The other day he claimed he hates dogs too. Yeah, uh huh, sure right... I'll believe that when he starts ignoring the dog. That ain't gonna happen anytime soon. I think I'm married to an in the closet animal lover. Ya know what I mean? LOL


----------



## GabbyBond (Dec 1, 2006)

My bf loves Bond like no other (aside from me of course!) but as he puts it "Bond would be eating purina if it wasn't for you!" because while he loves Bond, he doesn't spend the time that I do reading and learning!!!


----------



## Ardatha (Aug 11, 2007)

I think my IH (insane husband) feels like if he says he hates dogs that gives him a right to complain about things the puppy does but (and this is a big but) he is always the first in line when it comes time to walk the dog or take him to his obedience class.
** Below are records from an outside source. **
Lemma leftcont_of_continuity_pt (w : R -> R) p : continuity_pt w p -> leftcont w p.
Proof.
  intros Hw eps Heps. destruct (Hw eps Heps) as [del [Hdel Hnear]].
  exists del. split; [exact Hdel|]. intros u Hu.
  destruct (Req_dec u p) as [->|Hne].
  - rewrite Rminus_diag, Rabs_R0. exact Heps.
  - apply (Hnear u). split.
    + split; [exact I | congruence].
    + simpl. unfold Rdist. rewrite Rabs_left1 by lra. lra.
Qed.

Lemma leftcont_of_cont_at (w : R -> R) t : cont_at rdist w t -> leftcont w t.
Proof.
  intros Hw eps He. destruct (Hw eps He) as [d [Hd H]]. exists d. split; [assumption|].
  intros u Hu. apply H. apply Rabs_def1; lra.
Qed.

Lemma real_induction (P : R -> Prop) a b : a <= b -> P a ->
  (forall r, a < r <= b -> (forall s, a <= s < r -> P s) -> P r) ->
  (forall r, a <= r < b -> (forall s, a <= s <= r -> P s) ->
     exists h, 0 < h /\ forall s, r < s < r + h -> P s) ->
  forall t, a <= t <= b -> P t.
Proof.
  intros Hab Ha Hclosed Hstep.
  set (E := fun x => a <= x <= b /\ forall s, a <= s <= x -> P s).
  assert (HEa : E a) by (split; [lra | intros s Hs; replace s with a by lra; exact Ha]).
  destruct (completeness E) as [r [Hub Hlub]].
  { exists b. intros x [Hx _]. lra. }
  { exists a. exact HEa. }
  assert (Har : a <= r) by (apply Hub; exact HEa).
  assert (Hrb : r <= b) by (apply Hlub; intros x [Hx _]; lra).
  assert (Hbelow : forall s, a <= s < r -> P s).
  { intros s Hs. apply NNPP. intros HnP.
    assert (r <= s); [|lra].
    apply Hlub. intros x [_ Hx]. destruct (Rle_dec x s) as [|Hxs]; [assumption|].
    exfalso. apply HnP, Hx. lra. }
  assert (HEr : E r).
  { split; [lra|]. intros s Hs. destruct (Rlt_le_dec s r) as [|Hsr]; [apply Hbelow; lra|].
    replace s with r by lra. destruct (Req_dec r a) as [->|]; [exact Ha|].
    apply Hclosed; [lra | exact Hbelow]. }
  assert (Hr : r = b).
  { destruct (Req_dec r b) as [|Hne]; [assumption|]. exfalso.
    destruct (Hstep r ltac:(lra) (proj2 HEr)) as [h [Hh Hnext]].
    set (r' := r + Rmin h (b - r) / 2).
    assert (0 < Rmin h (b - r) <= h) by (split; [apply Rmin_pos | apply Rmin_l]; lra).
    assert (Rmin h (b - r) <= b - r) by apply Rmin_r.
    assert (r' <= r) by (apply Hub; split; [unfold r'; lra|]; intros s Hs;
      destruct (Rle_dec s r); [apply (proj2 HEr); lra | apply Hnext; unfold r' in *; lra]).
    unfold r' in *. lra. }
  intros t Ht. apply (proj2 HEr). lra.
Qed.

Lemma leftcont_le (w G : R -> R) p d0 : 0 < d0 -> leftcont w p -> leftcont G p ->
  (forall u, p - d0 < u < p -> w u <= G u) -> w p <= G p.
Proof.
  intros Hd0 Hw HG Hle. apply Rnot_lt_le. intros Hgt. set (gap := w p - G p).
  destruct (Hw (gap / 2)) as [d1 [Hd1 H1]]; [unfold gap; lra|].
  destruct (HG (gap / 2)) as [d2 [Hd2 H2]]; [unfold gap; lra|].
  set (m := Rmin d0 (Rmin d1 d2)).
  assert (0 < m) by (unfold m; repeat apply Rmin_pos; lra).
  assert (m <= d0 /\ m <= d1 /\ m <= d2) as (? & ? & ?).
  { unfold m. repeat split; [apply Rmin_l | |];
      (eapply Rle_trans; [apply Rmin_r | first [apply Rmin_l | apply Rmin_r]]). }
  specialize (H1 (p - m / 2) ltac:(lra)). specialize (H2 (p - m / 2) ltac:(lra)).
  specialize (Hle (p - m / 2) ltac:(lra)).
  apply Rabs_def2 in H1. apply Rabs_def2 in H2. unfold gap in *. lra.
Qed.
Shadow adores him, which belies his statement about 'hating dogs!' LOL Little does he know...


----------



## Mary Jane (Mar 3, 2006)

My husband was just waiting for the right moment to get a GSD after several happy childhood years spent with Nero, a K9 corps dropout. We are both devoted to Wolf, we take turns on the various walks in the day-in part because Wolf is such a baby first thing in the morning rolling around on his back in utter joy-and it's too good a moment for one person to monopolize. Our only disagreement about Wolf is training: I am much more consistent and disciplined. Mary Jane


----------



## k9sarneko (Jan 31, 2007)

My hubby loves the dogs and even trains in SAR with me but he doesn't get into it like I do and cant understand why I have so much pleasure when I just watch my pack. I love to watch them interact when they don't think I am there. I have a balcony off my bedroom so I get to drink my coffee while they are out having their first play and really get to watch the pack dynamics without a human to guide it....sooooo cool!


----------



## Momma (Oct 2, 2006)

Mine LOVES dogs, but will get no other dog but the GSD. He says(and I agree) that there is no other breed as smart or with as many talents, or as loyal as the GSD.


----------



## tktaylor (Nov 10, 2006)

Mine loves animals. He tries to be tough but he's a big softie!!! I find the dogs in bed with him all the time!


----------



## jsmurray31 (Oct 28, 2007)

Initially he was not very fond of them being in the house. He grew up on a farm where all animals lived outside. But, he has completely changed his tune - loves them as much as I do. As Sadies mom says I find them in bed together.

Love it!


----------



## JenniferH (Oct 9, 2007)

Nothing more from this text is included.